━━ Material for the task
Lemma act_simplex d σ : simplex d σ -> simplex d (act_flag g σ).
Proof.
case=> -[Fσ [t [[Ft st] sub]]] sσ; split; last by rewrite size_map.
split; first exact: act_is_flag.
exists (act_flag g t); do 2?split; rewrite ?size_map //; first exact: act_is_flag.
exact: map_subseq.
Qed.

End Invertible.
End FlagAction.

Section Chains.
Variables (R : comNzRingType) (n : nat) (K : fieldType).
Implicit Types (σ τ : flag R n) (f c : flag R n -> K) (s : seq (flag R n)).

Definition bsum s c τ :=
  \sum_(σ <- s) \sum_(i < size σ) (if face i σ == τ then (-1) ^+ i * c σ else 0).

Lemma bsum_supported_eq s1 s2 c τ : uniq s1 -> uniq s2 ->
  supported c s1 -> supported c s2 -> bsum s1 c τ = bsum s2 c τ.
Proof.
have supp s : supported c s ->
    supported (fun σ => \sum_(i < size σ) (if face i σ == τ then (-1) ^+ i * c σ else 0)) s.
  apply: supported_sub => σ; apply: contra_neq => c0.
  by apply: big1 => i _; rewrite c0 mulr0 if_same.
by move=> u1 u2 /supp c1 /supp c2; apply: big_supported_eq.
Qed.

Lemma bsumD s c1 c2 τ : bsum s (fun σ => c1 σ + c2 σ) τ = bsum s c1 τ + bsum s c2 τ.
Proof.
rewrite /bsum -big_split; apply: eq_bigr => σ _; rewrite -big_split.
by apply: eq_bigr => i _; case: (face i σ == τ); rewrite /= ?mulrDr ?addr0.
Qed.

Lemma bsumZ s a c τ : bsum s (fun σ => a * c σ) τ = a * bsum s c τ.
Proof.
rewrite /bsum mulr_sumr; apply: eq_bigr => σ _; rewrite mulr_sumr.
by apply: eq_bigr => i _; case: (face i σ == τ); rewrite ?mulr0 // mulrCA.
Qed.

Lemma bsum_act g h s f τ : g *m h = 1%:M -> h *m g = 1%:M ->
  bsum (map (act_flag h) s) (fun σ => f (act_flag g σ)) τ = bsum s f (act_flag g τ).
Proof.
move=> gh hg; rewrite /bsum big_map; apply: eq_bigr => ρ _.
rewrite size_map (act_flagK hg); apply: eq_bigr => i _.
suff -> : (face i (act_flag h ρ) == τ) = (face i ρ == act_flag g τ) by [].
by rewrite face_act; apply/eqP/eqP => [<-|->]; rewrite ?(act_flagK hg) ?(act_flagK gh).
Qed.

Lemma supported_act g h s f : g *m h = 1%:M ->
  supported f s -> supported (fun σ => f (act_flag g σ)) (map (act_flag h) s).
Proof. by move=> gh fs σ /fs fgσ; apply/mapP; exists (act_flag g σ); rewrite ?act_flagK. Qed.

Lemma boundary_is_bsum c f s : boundary_is c f -> uniq s -> supported c s ->
  forall τ, f τ = bsum s c τ.
Proof.
by case=> s0 [u0 [c0 E]] u cs τ; rewrite E; apply: bsum_supported_eq.
Qed.

Lemma chainD d c1 c2 : chain d c1 -> chain d c2 -> chain d (fun σ => c1 σ + c2 σ).
Proof.
move=> [[s1 cs1] S1] [[s2 cs2] S2]; split=> [|σ].
  by exists (undup (s1 ++ s2)); apply: supportedD.
by case: (eqVneq (c1 σ) 0) => [->|/S1//]; rewrite add0r; apply: S2.
Qed.

Lemma chainZ d a c : chain d c -> chain d (fun σ => a * c σ).
Proof.
have nz σ : a * c σ != 0 -> c σ != 0 by apply: contra_neq => ->; rewrite mulr0.
by move=> [[s cs] S]; split=> [|σ /nz/S//]; exists s => σ /nz/cs.
Qed.

Lemma cycle_supported d f : Defs.cycle d f -> exists2 s, uniq s & supported f s.
Proof. by case=> _ [s [u [cs _]]]; exists s. Qed.

Lemma cycle_bsum d f s : Defs.cycle d f -> uniq s -> supported f s ->
  forall τ, bsum s f τ = 0.
Proof. by case=> _ /boundary_is_bsum B u fs τ; rewrite -B. Qed.

Lemma cycle_intro d f s : chain d f -> uniq s -> supported f s ->
  (forall τ, bsum s f τ = 0) -> Defs.cycle d f.
Proof.
by move=> Cf u fs B; split=> //; exists s; do 2!split=> //; move=> τ; rewrite -/(bsum s f τ) B.
Qed.

Lemma cycle0 d : Defs.cycle d (fun _ : flag R n => 0 : K).
Proof.
apply: (@cycle_intro _ _ [::]) => // [|σ|τ]; last by rewrite /bsum big_nil.
  by split; [exists [::]|] => σ; rewrite eqxx.
by rewrite eqxx.
Qed.
Lemma sum_of_bases_exchange t (m m' : 'X_{1..n}) : sum_of_bases t (swap_set i j S) m ->
  (forall k, k != i -> k != j -> m' k = m k) -> m' i + m' j = m i + m j ->
  (m i <= m' i <= m j) || (m j <= m' i <= m i) -> sum_of_bases t S m'.
Proof.
move=> [Ts [hs hT hc]] hoff hsum hbet.
have neq_ji : j != i by rewrite eq_sym.
have conclude a b d : (a == i) && (b == j) || (a == j) && (b == i) ->
    d <= count_only Ts a b -> m' a + d = m a -> m' b = m b + d -> sum_of_bases t S m'.
  move=> hab hd ha hb; have [Ts' [h1 h2 h3]] := exchange_bases hab hT hd.
  have neq_ab : a != b by case/orP: hab => /andP [/eqP -> /eqP ->].
  exists Ts'; split; rewrite ?h1 // => k; have := h3 k.
  have [->|ka] := eqVneq k a.
    by rewrite hc in ha; rewrite (negbTE neq_ab) muln1 muln0 addn0 -ha => /addIn ->.
  have [->|kb] := eqVneq k b; first by rewrite hc in hb; rewrite muln0 muln1 addn0 -hb => ->.
  have [ki kj] : k != i /\ k != j by case/orP: hab => /andP [/eqP <- /eqP <-].
  by rewrite hoff // hc !muln0 !addn0 => ->.
have cij := cover_count_le Ts i j; have cji := cover_count_le Ts j i.
rewrite -!hc in cij cji.
case: (leqP (m' i) (m i)) => hle.
  by apply: (conclude i j (m i - m' i)); rewrite ?eqxx //; case/orP: hbet; lia.
by apply: (conclude j i (m' i - m i)); rewrite ?eqxx ?orbT //; case/orP: hbet; lia.
Qed.

End Exchange.
End SumsOfBases.

Section KeyInvariant.
Variables n t : nat.
Local Open Scope ring_scope.

Lemma scaled_indicatorE (T : {set 'I_n}) k : scaled_indicator t T k = (t * (k \in T))%N.
Proof. by rewrite mnmE. Qed.

Definition key_invariant (S : {set 'I_n}) (f : {mpoly int[n]}) : Prop :=
  (forall m, f@_m != 0 -> sum_of_bases t S m) /\
  (forall T, tails_le T S -> f@_(scaled_indicator t T) != 0).

Section DdiffStep.
Variables i j : 'I_n.
Hypothesis succ_ij : (j : nat) = i.+1.
Variable S : {set 'I_n}.
Hypotheses (notin_iS : i \notin S) (in_jS : j \in S).
Variables f g : {mpoly int[n]}.
Hypothesis g_ddiff : g * ('X_i - 'X_j) = 'X_i * f - msym (tperm i j) ('X_i * f).
Hypothesis f_inv : key_invariant (swap_set i j S) f.

Let neq_ij : i != j. Proof. by apply/eqP => e; move: succ_ij; rewrite e; lia. Qed.

Lemma mcoeff_ddiff_weighted m : g@_m =
  \sum_(p < (m i + m j).+1)
    ddiff_weight (m i + m j) (m i) p * segment_coef i j f m (m i + m j) p.
Proof.
have := telescope_ddiff_weight (segment_coef_ddiff_top neq_ij g_ddiff m _)
  (fun c hc => segment_coef_ddiff_step neq_ij g_ddiff m hc) (leq_addr (m j) (m i)).
by rewrite /segment_coef addKn mnm_set2_id.
Qed.

Lemma ddiff_support m : g@_m != 0 -> sum_of_bases t S m.
Proof.
rewrite mcoeff_ddiff_weighted => /sumr_neq0_exists [p].
rewrite mulf_eq0 negb_or => /andP [/ddiff_weight_neq0 hw /f_inv.1 hp].
have := ltn_ord p; rewrite ltnS => le_ps.
apply: (sum_of_bases_exchange succ_ij notin_iS in_jS hp).
- by move=> k ki kj; rewrite mnm_set2E (negbTE ki) (negbTE kj).
- by rewrite mnm_set2_i (mnm_set2_j neq_ij); lia.
- by rewrite mnm_set2_i (mnm_set2_j neq_ij); lia.
Qed.
Definition schrodinger_re (V : R -> R -> C) (U W : R -> R -> R) t x :=
  - dt W t x + dx (dx U) t x + Re (V t x) * U t x - Im (V t x) * W t x.
Definition schrodinger_im (V : R -> R -> C) (U W : R -> R -> R) t x :=
  dt U t x + dx (dx W) t x + Re (V t x) * W t x + Im (V t x) * U t x.

Definition prolonged_re (V : R -> R -> C) (Q : VF) (U W : R -> R -> R) t x :=
  ev (c_t Q) U W t x
    * (dt (fun t x => Re (V t x)) t x * U t x - dt (fun t x => Im (V t x)) t x * W t x)
  + ev (c_x Q) U W t x
    * (dx (fun t x => Re (V t x)) t x * U t x - dx (fun t x => Im (V t x)) t x * W t x)
  + Re (V t x) * ev (c_u Q) U W t x - Im (V t x) * ev (c_v Q) U W t x
  - (dt (char_v Q U W) t x + ev (c_t Q) U W t x * dt (dt W) t x
     + ev (c_x Q) U W t x * dx (dt W) t x)
  + (dx (dx (char_u Q U W)) t x + ev (c_t Q) U W t x * dx (dx (dt U)) t x
     + ev (c_x Q) U W t x * dx (dx (dx U)) t x).
Definition prolonged_im (V : R -> R -> C) (Q : VF) (U W : R -> R -> R) t x :=
  ev (c_t Q) U W t x
    * (dt (fun t x => Re (V t x)) t x * W t x + dt (fun t x => Im (V t x)) t x * U t x)
  + ev (c_x Q) U W t x
    * (dx (fun t x => Re (V t x)) t x * W t x + dx (fun t x => Im (V t x)) t x * U t x)
  + Re (V t x) * ev (c_v Q) U W t x + Im (V t x) * ev (c_u Q) U W t x
  + (dt (char_u Q U W) t x + ev (c_t Q) U W t x * dt (dt U) t x
     + ev (c_x Q) U W t x * dx (dt U) t x)
  + (dx (dx (char_v Q U W)) t x + ev (c_t Q) U W t x * dx (dx (dt W)) t x
     + ev (c_x Q) U W t x * dx (dx (dx W)) t x).

Lemma is_Lie_symmetry_iff V Q : is_Lie_symmetry V Q <->
  forall U W, smooth2 U -> smooth2 W -> forall t x,
    schrodinger_re V U W t x = 0 -> schrodinger_im V U W t x = 0 ->
    prolonged_re V Q U W t x = 0 /\ prolonged_im V Q U W t x = 0.
Proof. split; intros H; exact H. Qed.

Definition GMI (chi sigma rho : R -> R) : VF :=
  vf_add (Gop chi) (vf_add (sigM sigma) (rhoI rho)).

Section GMIComponents.
Variables chi sigma rho : R -> R.
Variables (t x u v : R).

Lemma c_t_GMI : c_t (GMI chi sigma rho) t x u v = 0.
Proof. unfold GMI, Gop, sigM, rhoI, vf_add, vf_fmul, d_x, Mvf, Ivf; simpl; ring. Qed.
Lemma c_x_GMI : c_x (GMI chi sigma rho) t x u v = chi t.
Proof. unfold GMI, Gop, sigM, rhoI, vf_add, vf_fmul, d_x, Mvf, Ivf; simpl; ring. Qed.
Lemma c_u_GMI :
  c_u (GMI chi sigma rho) t x u v = rho t * u - (/ 2 * Derive chi t * x + sigma t) * v.
Proof. unfold GMI, Gop, sigM, rhoI, vf_add, vf_fmul, d_x, Mvf, Ivf; simpl; ring. Qed.
Lemma c_v_GMI :
  c_v (GMI chi sigma rho) t x u v = rho t * v + (/ 2 * Derive chi t * x + sigma t) * u.
Proof. unfold GMI, Gop, sigM, rhoI, vf_add, vf_fmul, d_x, Mvf, Ivf; simpl; ring. Qed.
End GMIComponents.

Lemma char_u_GMI chi sigma rho U W :
  char_u (GMI chi sigma rho) U W = char_form chi rho (fun t => / 2 * Derive chi t) sigma U W.
Proof.
  extensionality t; extensionality x. unfold char_u, char_form, ev.
  rewrite c_u_GMI, c_t_GMI, c_x_GMI; ring.
Qed.

Lemma char_v_GMI chi sigma rho U W :
  char_v (GMI chi sigma rho) U W
  = char_form chi rho (fun t => - / 2 * Derive chi t) (fun t => - sigma t) W U.
Proof.
  extensionality t; extensionality x. unfold char_v, char_form, ev.
  rewrite c_v_GMI, c_t_GMI, c_x_GMI; ring.
Qed.

(** Real and imaginary parts of [chi V_x - (chi''/2 x + sigma' - i rho')]. *)
Definition det_re (V : R -> R -> C) (chi sigma : R -> R) t x :=
  chi t * dx (fun t x => Re (V t x)) t x - (/ 2 * Derive (Derive chi) t * x + Derive sigma t).
Definition det_im (V : R -> R -> C) (chi rho : R -> R) t x :=
  chi t * dx (fun t x => Im (V t x)) t x + Derive rho t.

Definition GMI_determining (V : R -> R -> C) (chi sigma rho : R -> R) : Prop :=
  forall t x, det_re V chi sigma t x = 0 /\ det_im V chi rho t x = 0.

Lemma prolonged_GMI V chi sigma rho U W t x :
  smooth1 chi -> smooth1 sigma -> smooth1 rho -> smooth2 U -> smooth2 W ->
  let theta := / 2 * Derive chi t * x + sigma t in
  prolonged_re V (GMI chi sigma rho) U W t x =
    det_re V chi sigma t x * U t x - det_im V chi rho t x * W t x
    + rho t * schrodinger_re V U W t x - theta * schrodinger_im V U W t x /\
  prolonged_im V (GMI chi sigma rho) U W t x =
    det_re V chi sigma t x * W t x + det_im V chi rho t x * U t x
    + rho t * schrodinger_im V U W t x + theta * schrodinger_re V U W t x.
Proof.
  intros Hchi Hsigma Hrho HU HW theta.
  assert (Hd : forall f, smooth1 f -> forall s, ex_derive f s)
    by (intros f Hf s; apply smooth1_ex_derive, Hf).
  assert (Hdchi : forall c, smooth1 (fun s => c * Derive chi s))
    by (intros c; apply smooth1_scal, smooth1_Derive, Hchi).
  assert (Hdsigma : smooth1 (fun s => - sigma s))
    by (apply (smooth1_ext (fun s => -1 * sigma s)); [intros; ring | apply smooth1_scal, Hsigma]).
  unfold prolonged_re, prolonged_im, ev.
  rewrite char_u_GMI, char_v_GMI, !c_t_GMI, !c_x_GMI, !c_u_GMI, !c_v_GMI.
  rewrite !dt_char_form, !dxx_char_form by auto.
  rewrite !Derive_scal, !Derive_opp, !dt_dx_comm by assumption.
  unfold det_re, det_im, schrodinger_re, schrodinger_im, theta. split; field.
Qed.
━━━━
### What is needed:
What are the lines above, starting at the one with "d <= count_only" and ending at the one with "Hypothesis f_inv : key_invariant"? Give them again exactly, and only them.

### Output for this exercise:
    d <= count_only Ts a b -> m' a + d = m a -> m' b = m b + d -> sum_of_bases t S m'.
  move=> hab hd ha hb; have [Ts' [h1 h2 h3]] := exchange_bases hab hT hd.
  have neq_ab : a != b by case/orP: hab => /andP [/eqP -> /eqP ->].
  exists Ts'; split; rewrite ?h1 // => k; have := h3 k.
  have [->|ka] := eqVneq k a.
    by rewrite hc in ha; rewrite (negbTE neq_ab) muln1 muln0 addn0 -ha => /addIn ->.
  have [->|kb] := eqVneq k b; first by rewrite hc in hb; rewrite muln0 muln1 addn0 -hb => ->.
  have [ki kj] : k != i /\ k != j by case/orP: hab => /andP [/eqP <- /eqP <-].
  by rewrite hoff // hc !muln0 !addn0 => ->.
have cij := cover_count_le Ts i j; have cji := cover_count_le Ts j i.
rewrite -!hc in cij cji.
case: (leqP (m' i) (m i)) => hle.
  by apply: (conclude i j (m i - m' i)); rewrite ?eqxx //; case/orP: hbet; lia.
by apply: (conclude j i (m' i - m i)); rewrite ?eqxx ?orbT //; case/orP: hbet; lia.
Qed.

End Exchange.
End SumsOfBases.

Section KeyInvariant.
Variables n t : nat.
Local Open Scope ring_scope.

Lemma scaled_indicatorE (T : {set 'I_n}) k : scaled_indicator t T k = (t * (k \in T))%N.
Proof. by rewrite mnmE. Qed.

Definition key_invariant (S : {set 'I_n}) (f : {mpoly int[n]}) : Prop :=
  (forall m, f@_m != 0 -> sum_of_bases t S m) /\
  (forall T, tails_le T S -> f@_(scaled_indicator t T) != 0).

Section DdiffStep.
Variables i j : 'I_n.
Hypothesis succ_ij : (j : nat) = i.+1.
Variable S : {set 'I_n}.
Hypotheses (notin_iS : i \notin S) (in_jS : j \in S).
Variables f g : {mpoly int[n]}.
Hypothesis g_ddiff : g * ('X_i - 'X_j) = 'X_i * f - msym (tperm i j) ('X_i * f).
Hypothesis f_inv : key_invariant (swap_set i j S) f.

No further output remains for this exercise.